Notation and definitions

We'll call the main probability distribution we work with the Pólya Urn distribution. As a distribution on [math][k]^n[/math], we'll write it as [math]\nu_k^n[/math], or as [math]\nu_k[/math] or [math]\nu[/math] if it's clear from context. (Note: even if one only wants to prove DHJ([math]3[/math]), one needs to define [math]\nu_k^n[/math] for general [math]k[/math].) One way to define it is as follows: Order the coordinates [math][n][/math] in a list according to a random permutation. Now choose [math]k-1[/math] distinct "partition points" uniformly at random from the [math]\binom{n+1}{k-1}[/math] possibilities. This partitions the list of coordinates into [math]k[/math] sublists; take the [math]1[/math]st sublist of coordinates to be [math]1[/math]'s, the [math]2[/math]nd sublist to be [math]2[/math]'s, etc. Note that any string drawn from the Pólya Urn distribution is nondegenerate, meaning it contains at least one of each character in [math][3][/math].

A closely related distribution is called the Equal Slices distribution. We will denote this distribution by [math]\overline{\nu}_k^n[/math]. It has the same definition as the Pólya Urn definition just given, except that the [math]k-1[/math] partition points are "allowed to be equal"; more precisely, we choose the [math]1[/math]st partition point uniformly from the [math]n+1[/math] possibilities, then we choose the [math]2[/math]nd partition point uniformly from the [math]n+2[/math] possibilities, etc. It should be clear from these definitions that the total variation distance between [math]\nu_k^n[/math] and [math]\overline{\nu}_k^n[/math] is small. Here is a proof that it is [math]O(k^2/n)[/math].

We identify combinatorial lines in [math][3]^n[/math] with strings in [math][4]^n[/math], where the [math]4[/math] character is treated as identifying the "wildcard" set. Similarly, we identify [math]2[/math]-dimensional combinatorial subspaces in [math][3]^n[/math] with strings in [math][5]^n[/math], where the characters [math]4[/math] and [math]5[/math] identify the [math]2[/math] wildcard sets. Etc. Note that a combinatorial line in [math][3]^n[/math] drawn from [math]\nu_4^n[/math] is automatically nondegenerate. Henceforth, whenever we say "combinatorial line" or "combinatorial subspace" without qualification, the object is assumed to be nondegenerate.

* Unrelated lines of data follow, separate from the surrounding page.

(* Trees: a tree of height h is the list of its h layers of vertices,     *)
(* layer 1 first; a layer is the list of arities (numbers of inputs) of   *)
(* its vertices, left to right.  Leaves are the inputs of layer h.        *)

Fixpoint adjP {A : Type} (R : A -> A -> Prop) (s : seq A) : Prop :=
  match s with
  | x :: ((y :: _) as s') => R x y /\ adjP R s'
  | _ => True
  end.

Fixpoint allP {A : Type} (P : A -> Prop) (s : seq A) : Prop :=
  match s with
  | [::] => True
  | x :: s' => P x /\ allP P s'
  end.

Definition tree := seq (seq nat).

Definition is_tree (T : tree) : Prop :=
  [/\ (match T with [::] => False | l1 :: _ => size l1 = 1 end),
      allP (fun l => 0 < size l) T
    & adjP (fun l l' => sumn l = size l') T].

Definition height (T : tree) : nat := size T.
Definition leaves (T : tree) : nat := sumn (last [::] T).

Section Decomp.
Variable V : vdc_data.

Definition arity (a : Cell V) : nat := size (csrc a).

Definition crow (L : seq (Cell V)) : Prop :=
  match L with [::] => True | a :: _ => row_ok (cleft a) L end.

Definition compL (L : seq (Cell V)) (b : Cell V) : Cell V :=
  match L with [::] => b | a :: _ => ccomp (cleft a) L b end.
Definition rowcompL (L : seq (Cell V)) (Bs : seq (Cell V)) : seq (Cell V) :=
  match L with [::] => [::] | a :: _ => rowcomp (cleft a) L Bs end.

Definition is_decomp (alpha : Cell V) (T : tree) (D : seq (seq (Cell V))) : Prop :=
  [/\ map (map arity) D = T,
      allP crow D,
      adjP (fun Li Li1 => map (@ctgt V) Li1 = flatten (map (@csrc V) Li)) D
    & (match D with
       | [:: root] :: rest => foldl (fun b L => compL L b) root rest = alpha
       | _ => False
       end)].

(* a morphism P -> Q of decompositions of alpha: sigma lists the rows
   sigma_1, ..., sigma_{h-1} (each with its leftmost tight arrow). *)
Definition is_decomp_mor (alpha : Cell V) (P Q : seq (seq (Cell V)))
    (sigma : seq (Tt V * seq (Cell V))) : Prop :=
  let h := size P in
  let sig0 := (tid (ldom (ctgt alpha)), [:: cid (ctgt alpha)]) in
  let sigh := (tid (tdom (cleft alpha)), map (@cid V) (csrc alpha)) in
  [/\ size sigma = h.-1,
      allP (fun x : (seq (Cell V) * seq (Cell V)) * (Tt V * seq (Cell V)) =>
              let: ((Pi, Qi), (g, s)) := x in
              [/\ row_ok g s, allP (fun c => arity c = 1) s,
                  flatten (map (@csrc V) s) = flatten (map (@csrc V) Pi)
                & map (@ctgt V) s = flatten (map (@csrc V) Qi)])
           (zip (zip (take h.-1 P) (take h.-1 Q)) sigma)
    & allP (fun x : (seq (Cell V) * seq (Cell V)) *
                    ((Tt V * seq (Cell V)) * (Tt V * seq (Cell V))) =>
              let: ((Pi, Qi), (slo, shi)) := x in
              rowcompL Pi slo.2 = rowcomp shi.1 shi.2 Qi)
           (zip (zip P Q) (zip (sig0 :: sigma) (rcons sigma sigh)))].

Definition decomp_arrow (alpha : Cell V) (T : tree) (P Q : seq (seq (Cell V))) : Prop :=
  [/\ is_decomp alpha T P, is_decomp alpha T Q
    & exists sigma, is_decomp_mor alpha P Q sigma].

Definition decomp_equiv (alpha : Cell V) (T : tree) :=
  clos_refl_sym_trans _ (decomp_arrow alpha T).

Although we will prove DHJ([math]3[/math]) for sets that are dense under [math]\nu_3[/math], this also proves it for sets that are dense under the usual uniform distribution; this should be explicated in the article on passing between measures.


Proof Outline

Here is the sequence of statements we prove:

1. Dense sets in [math][2]^n[/math] contain lines (i.e., DHJ([math]2[/math])).

2. Dense sets in [math][2]^n[/math] contain large subspaces.

3. Dense ij-insensitive sets in [math][3]^n[/math] contain large subspaces.

4. Dense [math]ij[/math]-insensitive sets in [math][3]^n[/math] are large-subspace rich.

5. Dense [math]ij[/math]-insensitive sets in [math][3]^n[/math] are large-subspace partitionable.

6. Dense intersections of [math]ij[/math]-insensitive sets in [math][3]^n[/math] are large-subspace partitionable.

7. Line-free sets in [math][3]^n[/math] have density increments on dense intersections of [math]ij[/math]-insensitive sets.

8. Line-free sets in [math][3]^n[/math] have density increments on large subspaces.

9. Dense sets in [math][3]^n[/math] contain lines (i.e., DHJ([math]3[/math])).


1. Sets in [math][2]^n[/math] have lines

Proofread By: no one yet

This is simply Sperner's Theorem. Our version, with the Pólya Urn distribution, is:

Theorem 1: Let [math]A \subseteq [2]^n[/math] have [math]\nu_2[/math]-density at least [math]\delta[/math]. Assume that [math]n \geq n_1(\delta)[/math], where [math]n_1(\delta) = O(1/\delta^2)[/math]. Then [math]A[/math] contains a combinatorial ([math]2[/math]-)line.
Proof of Sperner's Theorem. For now, the proof more or less appears in the article on Sperner's Theorem; we might want to use the writeup ideas in the current article on Equal Slices. The easiest proof involves first passing from Pólya to Equal Slices. I think you only need [math]n_1(\delta) \gt 1/\delta^2 + 1[/math] or something.


2. Sets in [math][2]^n[/math] have subspaces

Proofread By: no one yet

The next step is to extend DHJ([math]2[/math]) from lines to subspaces of arbitrary dimension.

Lemma 2: Let [math]A \subseteq [2]^n[/math] have [math]\nu_2[/math]-density at least [math]\delta[/math], and let [math]d \geq 1[/math]. Assume that [math]n \geq n_2(\delta,d)[/math]. Then [math]A[/math] contains a [math]d[/math]-dimensional combinatorial subspace. Here [math]n_2(\delta,d)[/math] probably only needs to be [math]O(1/\delta)^{2^{d+1}}[/math]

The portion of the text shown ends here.